Pipeline Design
A preprocessing pipeline chains cleaning, normalization, tokenization, and filtering steps in a specific order. The order matters: you should clean HTML before tokenizing, and tokenize before removing stop words. For classical ML pipelines (Naive Bayes, SVM, logistic regression), a typical pipeline is: clean → lowercase → tokenize (word-level) → remove stop words → stem/lemmatize → vectorize (TF-IDF). For transformer-based models, preprocessing is minimal: clean → use the model's pre-trained tokenizer (BPE/WordPiece). The pre-trained tokenizer was trained on specific preprocessing, so you must match it exactly. Adding lowercasing to a cased BERT model will degrade performance.
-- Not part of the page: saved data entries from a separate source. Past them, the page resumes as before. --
Lemma xlnx_increment_le u v : 0 <= u -> u <= v -> v <= 1 ->
  v * ln v - u * ln u <= v - u.
Proof.
move=> u0 uv v1; have lnv0 := ln_le0 v1.
have [u00|up] := eqVneq u 0.
  have v0 : 0 <= v by rewrite -u00.
  by rewrite u00 mul0r !subr0 (le_trans (mulr_ge0_le0 v0 lnv0)).
have {up}up : 0 < u by rewrite lt_neqAle eq_sym up.
have vp : 0 < v by exact: lt_le_trans uv.
have ratio : u * (ln v - ln u) <= v - u.
  have := ln_le_subr1 (divr_gt0 vp up).
  rewrite lnM ?posrE ?invr_gt0 // lnV ?posrE // -(ler_pM2l up) => /le_trans; apply.
  by rewrite mulrBr mulr1 mulrCA mulfV ?gt_eqF // mulr1.
have : (v - u) * ln v <= 0 by apply: mulr_ge0_le0; rewrite ?subr_ge0.
by move: ratio; rewrite mulrBr; lra.
Qed.

(* Write [-d ln d = d (ln m + ln (1/(d m)))] and use [ln w <= w - 1] twice. *)
Lemma neg_xlnx_small d m : 0 < m -> 0 <= d -> d <= (m * m)^-1 -> - (d * ln d) <= 2 / m.
Proof.
move=> m0 d0 dm; have [->|dn0] := eqVneq d 0; first by rewrite mul0r oppr0 divr_ge0 // ltW.
have dp : 0 < d by rewrite lt_neqAle eq_sym dn0.
have mn0 : m != 0 by rewrite gt_eqF.
have split_ln : - (d * ln d) = d * (ln m + ln ((d * m)^-1)).
  rewrite -lnM ?posrE ?invr_gt0 ?mulr_gt0 // invfM mulrCA mulfV // mulr1 lnV ?posrE //.
  by rewrite mulrN.
have lnm := ln_le_subr1 m0.
have lndm := @ln_le_subr1 (d * m)^-1; rewrite invr_gt0 mulr_gt0 // in lndm.
have dm_le : d * m <= m^-1.
  apply: (le_trans (ler_wpM2r (ltW m0) dm)).
  by rewrite invfM -mulrA mulVf // mulr1.
rewrite split_ln (le_trans (ler_wpM2l (ltW dp) (lerD lnm (lndm isT)))) //.
have -> : d * (m - 1 + ((d * m)^-1 - 1)) = d * m + m^-1 - 2 * d.
  by field; rewrite dn0 mn0.
lra.
Qed.

Lemma neg_xlnx_lipschitz u v m : 1 <= m -> 0 <= u <= 1 -> 0 <= v <= 1 ->
  `|u - v| <= (m * m)^-1 -> - (u * ln u) - - (v * ln v) <= 3 / m.
Proof.
move=> m1 /andP[u0 u1] /andP[v0 v1]; rewrite ler_norml => /andP[h1 h2].
have m0 : 0 < m by lra.
have mm : (m * m)^-1 <= m^-1.
  by rewrite lef_pV2 ?posrE ?mulr_gt0 // -{1}(mul1r m) ler_wpM2r // ltW.
have m3 : 2 / m + m^-1 = 3 / m by field; rewrite gt_eqF.
have im0 : 0 <= m^-1 by rewrite invr_ge0 ltW.
have [vu|uv] := leP v u.
  have := xlnx_superadditive v0 vu.
  have := @neg_xlnx_small (u - v) m m0; rewrite subr_ge0 vu => /(_ isT h2).
  lra.
have := xlnx_increment_le u0 (ltW uv) v1; lra.
Qed.

Lemma expR_le_quadratic x : x <= 1 / 2 -> expR x <= 1 + x + 2 * (x * x).
Proof.
move=> x12; have p1 : 0 < 1 - x by lra.
have inv_bound : expR x * (1 - x) <= 1.
  have := ler_wpM2l (ltW (expR_gt0 x)) (expR_ge1Dx (- x)).
  by rewrite -expRD subrr expR0 mulrDr mulr1 mulrN.
rewrite -(ler_pM2r p1) (le_trans inv_bound) //.
have -> : (1 + x + 2 * (x * x)) * (1 - x) = 1 + (x * x) * (1 - 2 * x) by ring.
by rewrite lerDl mulr_ge0 // ?subr_ge0 -?expr2 ?sqr_ge0 //; lra.
Qed.

End RealFacts.

Section Simplex.
Variable R : realType.
Implicit Types A I : finType.

Lemma simplex_le1 A (mu : A -> R) a : simplex mu -> mu a <= 1.
Proof.
move=> [mu0 <-]; rewrite (bigD1 a) //= lerDl.
by apply: sumr_ge0 => b _; exact: mu0.
Qed.

Lemma simplex_card_gt0 A (mu : A -> R) : simplex mu -> (0 < #|A|)%N.
Proof.
move=> [_ mu1]; case: (pickP (fun _ : A => true)) => [a _|A0].
  by apply/card_gt0P; exists a.
by move: mu1; rewrite big_pred0 // => /esym/eqP; rewrite oner_eq0.
Qed.

Lemma simplex_uniform A : (0 < #|A|)%N -> simplex (fun _ : A => (#|A|%:R : R)^-1).
Proof.
move=> A0; split=> [a|]; first by rewrite invr_ge0 ler0n.
by rewrite sumr_const -/#|A| -[_ *+ #|A|]mulr_natr mulVf // pnatr_eq0 -lt0n.
Qed.

Lemma simplex_mix I A (p : I -> R) (X : I -> A -> R) :
  simplex p -> (forall i, simplex (X i)) -> simplex (fun a => \sum_i p i * X i a).
Proof.
move=> [p0 p1] hX; split=> [a|].
  by apply: sumr_ge0 => i _; rewrite mulr_ge0 // (hX i).1.
rewrite exchange_big /= -p1; apply: eq_bigr => i _.
by rewrite -mulr_sumr (hX i).2 mulr1.
Qed.

Lemma entropy_ge0 A (mu : A -> R) : simplex mu -> 0 <= entropy mu.
Proof.
move=> hmu; rewrite oppr_ge0; apply: sumr_le0 => a _.
by apply: mulr_ge0_le0; [exact: hmu.1 | exact/ln_le0/simplex_le1].
Qed.

(* Termwise, [ln w >= 1 - 1/w] at [w = n mu(a)] gives [-mu ln mu - mu ln n <= 1/n - mu]. *)
Lemma entropy_le_ln_card A (mu : A -> R) : simplex mu -> entropy mu <= ln #|A|%:R.
Proof.
move=> hmu; have [mu0 mu1] := hmu; set n : R := #|A|%:R.
have n0 : 0 < n by rewrite ltr0n (simplex_card_gt0 hmu).
have term a : - (mu a * ln (mu a)) - mu a * ln n <= n^-1 - mu a.
  have [->|mua] := eqVneq (mu a) 0.
    by rewrite !mul0r !(oppr0, subr0, addr0) invr_ge0 ltW.
  have mup : 0 < mu a by rewrite lt_neqAle eq_sym mua mu0.
  have := subr1V_le_ln (mulr_gt0 n0 mup).
  rewrite lnM ?posrE // -(ler_pM2l mup) mulrBr mulr1 invfM mulrCA mulfV // mulr1.
  lra.
have := ler_sum (index_enum A) (fun a (_ : true) => term a).
rewrite !sumrB -mulr_suml mu1 mul1r sumr_const -/#|A| -[_ *+ #|A|]mulr_natr.
rewrite mulVf ?gt_eqF //.
by rewrite /entropy sumrN; lra.
Qed.

(* Tangent-line bound [X ln X >= X ln s + (X - s)] at the mean [s], averaged. *)
Lemma xlnx_convex I (p : I -> R) (X : I -> R) : simplex p -> (forall i, 0 <= X i) ->
  (\sum_i p i * X i) * ln (\sum_i p i * X i) <= \sum_i p i * (X i * ln (X i)).
Proof.
move=> [p0 p1] X0; set s := \sum_i p i * X i.
have pX0 i : 0 <= p i * X i by rewrite mulr_ge0.
have [s0|sn0] := eqVneq s 0.
  have pX := psumr_eq0P (fun i _ => pX0 i) s0.
  rewrite s0 mul0r; apply: sumr_ge0 => i _.
  by rewrite mulrA pX // mul0r.
have sp : 0 < s by rewrite lt_neqAle eq_sym sn0 sumr_ge0.
have tangent i : p i * X i * ln s + p i * (X i - s) <= p i * (X i * ln (X i)).
  rewrite -mulrA -mulrDr ler_wpM2l //.
  have [->|Xn0] := eqVneq (X i) 0; first by rewrite !mul0r add0r subr_le0 ltW.
  have Xp : 0 < X i by rewrite lt_neqAle eq_sym Xn0 X0.
  have := subr1V_le_ln (divr_gt0 Xp sp).
  rewrite lnM ?posrE ?invr_gt0 // lnV ?posrE // invf_div => /(ler_wpM2l (ltW Xp)).
  by rewrite mulrBr mulr1 mulrCA mulfV ?gt_eqF // mulr1 mulrDr mulrN; lra.
have := ler_sum (index_enum I) (fun i (_ : true) => tangent i).
rewrite big_split /= -mulr_suml -/s.
have -> : \sum_i p i * (X i - s) = 0.
  by rewrite (eq_bigr (fun i => p i * X i - p i * s)) => [|i _]; rewrite ?mulrBr //
    sumrB -mulr_suml p1 mul1r subrr.
by rewrite addr0.
Qed.

Lemma entropy_concave I A (p : I -> R) (X : I -> A -> R) :
  simplex p -> (forall i, simplex (X i)) ->
  \sum_i p i * entropy (X i) <= entropy (fun a => \sum_i p i * X i a).
Proof.
move=> hp hX; rewrite /entropy.
have -> : \sum_i p i * - (\sum_a X i a * ln (X i a)) =
          - \sum_a \sum_i p i * (X i a * ln (X i a)).
  rewrite exchange_big /= -sumrN; apply: eq_bigr => i _.
  by rewrite mulrN mulr_sumr.
rewrite lerN2; apply: ler_sum => a _.
by apply: xlnx_convex => // i; exact: (hX i).1.
Qed.

Lemma entropy_lipschitz A (y y' : A -> R) m : 1 <= m -> simplex y -> simplex y' ->
  (forall a, `|y a - y' a| <= (m * m)^-1) -> entropy y - entropy y' <= #|A|%:R * (3 / m).
Proof.
move=> m1 hy hy' hyy'; rewrite /entropy opprK addrC -sumrN -big_split /=.
have -> : #|A|%:R * (3 / m) = \sum_(a : A) 3 / m by rewrite sumr_const mulr_natl.
apply: ler_sum => a _.
rewrite addrC -[y' a * _]opprK; apply: neg_xlnx_lipschitz => //; apply/andP; split;
  by [exact: hy.1 | exact: simplex_le1 | exact: hy'.1].
Qed.

End Simplex.

Arguments simplex_uniform {R A}.

Section Bilinear.
Variables (R : realType) (A B : finType) (M : A -> B -> R).

Definition norm1 : R := \sum_a \sum_b `|M a b|.

Lemma norm1_ge0 : 0 <= norm1.
Proof. by apply: sumr_ge0 => a _; apply: sumr_ge0. Qed.

Lemma bil_norm_le mu nu : simplex mu -> simplex nu -> `|bil mu M nu| <= norm1.
Proof.
move=> hmu hnu; apply: (le_trans (ler_norm_sum _ _ _)); apply: ler_sum => a _.
apply: (le_trans (ler_norm_sum _ _ _)); apply: ler_sum => b _.
rewrite !normrM (ger0_norm (hmu.1 a)) (ger0_norm (hnu.1 b)).
have mu0 := hmu.1 a; have nu0 := hnu.1 b.
rewrite -[leRHS]mulr1 ler_pM ?mulr_ge0 ?simplex_le1 //.
by rewrite ler_piMl ?simplex_le1.
Qed.

Lemma bil_lipschitz_l x x' y d : simplex y -> (forall a, `|x a - x' a| <= d) ->
  bil x M y - bil x' M y <= norm1 * d.
Proof.
move=> hy hxx'; rewrite /bil -sumrB mulr_suml; apply: ler_sum => a _.
rewrite -sumrB mulr_suml; apply: ler_sum => b _.
rewrite -!mulrA -mulrBl (le_trans (ler_norm _)) // normrM mulrC.
have d0 : 0 <= d := le_trans (normr_ge0 _) (hxx' a).
rewrite ler_pM // normrM (ger0_norm (hy.1 b)) ler_piMr //.
exact: simplex_le1.
Qed.

Lemma bil_mix_l (I : finType) (p : I -> R) (X : I -> A -> R) y :
  bil (fun a => \sum_i p i * X i a) M y = \sum_i p i * bil (X i) M y.
Proof.
rewrite /bil (eq_bigr (fun a => \sum_i \sum_b p i * (X i a * M a b * y b))) => [|a _].
  by rewrite exchange_big; apply: eq_bigr => i _; rewrite mulr_sumr; apply: eq_bigr => a _;
    rewrite mulr_sumr.
rewrite exchange_big; apply: eq_bigr => b _; rewrite !mulr_suml.
by apply: eq_bigr => i _; rewrite !mulrA.
Qed.

Lemma bil_mix_r (J : finType) (q : J -> R) (Y : J -> B -> R) x :
  bil x M (fun b => \sum_j q j * Y j b) = \sum_j q j * bil x M (Y j).
Proof.
rewrite /bil (eq_bigr (fun a => \sum_j \sum_b q j * (x a * M a b * Y j b))) => [|a _].
  by rewrite exchange_big; apply: eq_bigr => j _; rewrite mulr_sumr; apply: eq_bigr => a _;
    rewrite mulr_sumr.
rewrite exchange_big; apply: eq_bigr => b _; rewrite !mulr_sumr.
by apply: eq_bigr => j _; rewrite mulrCA.
Qed.

End Bilinear.

Section Payoff.
Variables (R : realType) (A B : finType) (M : A -> B -> R) (ti tj : R).
Hypotheses (hA : (0 < #|A|)%N) (hB : (0 < #|B|)%N) (ti0 : 0 <= ti) (tj0 : 0 <= tj).

Definition payoff (mu : A -> R) (nu : B -> R) : R :=
  bil mu M nu + ti * entropy mu - tj * entropy nu.

Definition payoff_set (mu : A -> R) : set R :=
  [set y | exists nu, simplex nu /\ y = payoff mu nu].

Definition guarantee (mu : A -> R) : R := inf (payoff_set mu).

Lemma rgvalE : rgval ti tj M = sup [set x | exists mu, simplex mu /\ x = guarantee mu].
Proof. by []. Qed.

Lemma payoff_bounds mu nu : simplex mu -> simplex nu ->
  - norm1 M - tj * ln #|B|%:R <= payoff mu nu <= norm1 M + ti * ln #|A|%:R.
Proof.
move=> hmu hnu; have := bil_norm_le M hmu hnu; rewrite ler_norml => /andP[b1 b2].
have f1 := ler_wpM2l ti0 (entropy_le_ln_card hmu).
have f2 := ler_wpM2l tj0 (entropy_le_ln_card hnu).
have f3 := mulr_ge0 ti0 (entropy_ge0 hmu).
have f4 := mulr_ge0 tj0 (entropy_ge0 hnu).
by rewrite /payoff; apply/andP; split; lra.
Qed.

Lemma payoff_norm_le mu nu : simplex mu -> simplex nu ->
  `|payoff mu nu| <= norm1 M + ti * ln #|A|%:R + tj * ln #|B|%:R.
Proof.
move=> hmu hnu; have /andP[lo hi] := payoff_bounds hmu hnu.
have := mulr_ge0 ti0 (ln_ge0 (_ : 1 <= #|A|%:R)); rewrite ler1n => /(_ hA) lnA.
have := mulr_ge0 tj0 (ln_ge0 (_ : 1 <= #|B|%:R)); rewrite ler1n => /(_ hB) lnB.
by rewrite ler_norml; apply/andP; split; lra.
Qed.

Lemma payoff_set_has_inf mu : simplex mu -> has_inf (payoff_set mu).
Proof.
move=> hmu; split.
  exists (payoff mu (fun=> #|B|%:R^-1)), (fun=> #|B|%:R^-1).
  by split=> //; exact: simplex_uniform.
exists (- norm1 M - tj * ln #|B|%:R) => _ [nu [hnu ->]].
by case/andP: (payoff_bounds hmu hnu).
Qed.

Lemma guarantee_le_payoff mu nu : simplex mu -> simplex nu -> guarantee mu <= payoff mu nu.
Proof.
by move=> hmu hnu; apply: ge_inf; [exact: (payoff_set_has_inf hmu).2 | exists nu].
Qed.

Lemma guarantee_ge mu c : simplex mu ->
  (forall nu, simplex nu -> c <= payoff mu nu) -> c <= guarantee mu.
Proof.
move=> hmu h; apply: lb_le_inf => [|_ [nu [hnu ->]]]; last exact: h.
exact: (payoff_set_has_inf hmu).1.
Qed.

Lemma guarantee_approx mu e : simplex mu -> 0 < e ->
  exists2 nu, simplex nu & payoff mu nu < guarantee mu + e.
Proof.
move=> hmu e0; have [_ [nu [hnu ->]] lt_e] := inf_adherent e0 (payoff_set_has_inf hmu).
by exists nu.
Qed.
The golden rule: your preprocessing must match what the model expects.
Two Pipeline Patterns
Classical ML pipeline:
raw text
→ strip HTML, fix encoding
→ lowercase
→ word tokenize (spaCy/NLTK)
→ remove stop words
→ lemmatize
→ TF-IDF vectorize
→ model (SVM, Naive Bayes)
Transformer pipeline:
raw text
→ minimal cleaning (HTML only)
→ model's tokenizer (BPE/WordPiece)
→ model (BERT, GPT, T5)
Common mistake:
Lowercasing input to cased BERT
Adding stop word removal before BERT
Custom tokenization before BPE
Key insight: The trend in NLP is toward less preprocessing. Transformers learn their own normalization implicitly. But understanding the full pipeline is essential — you need it for classical methods, for debugging, and for knowing what the transformer is doing under the hood.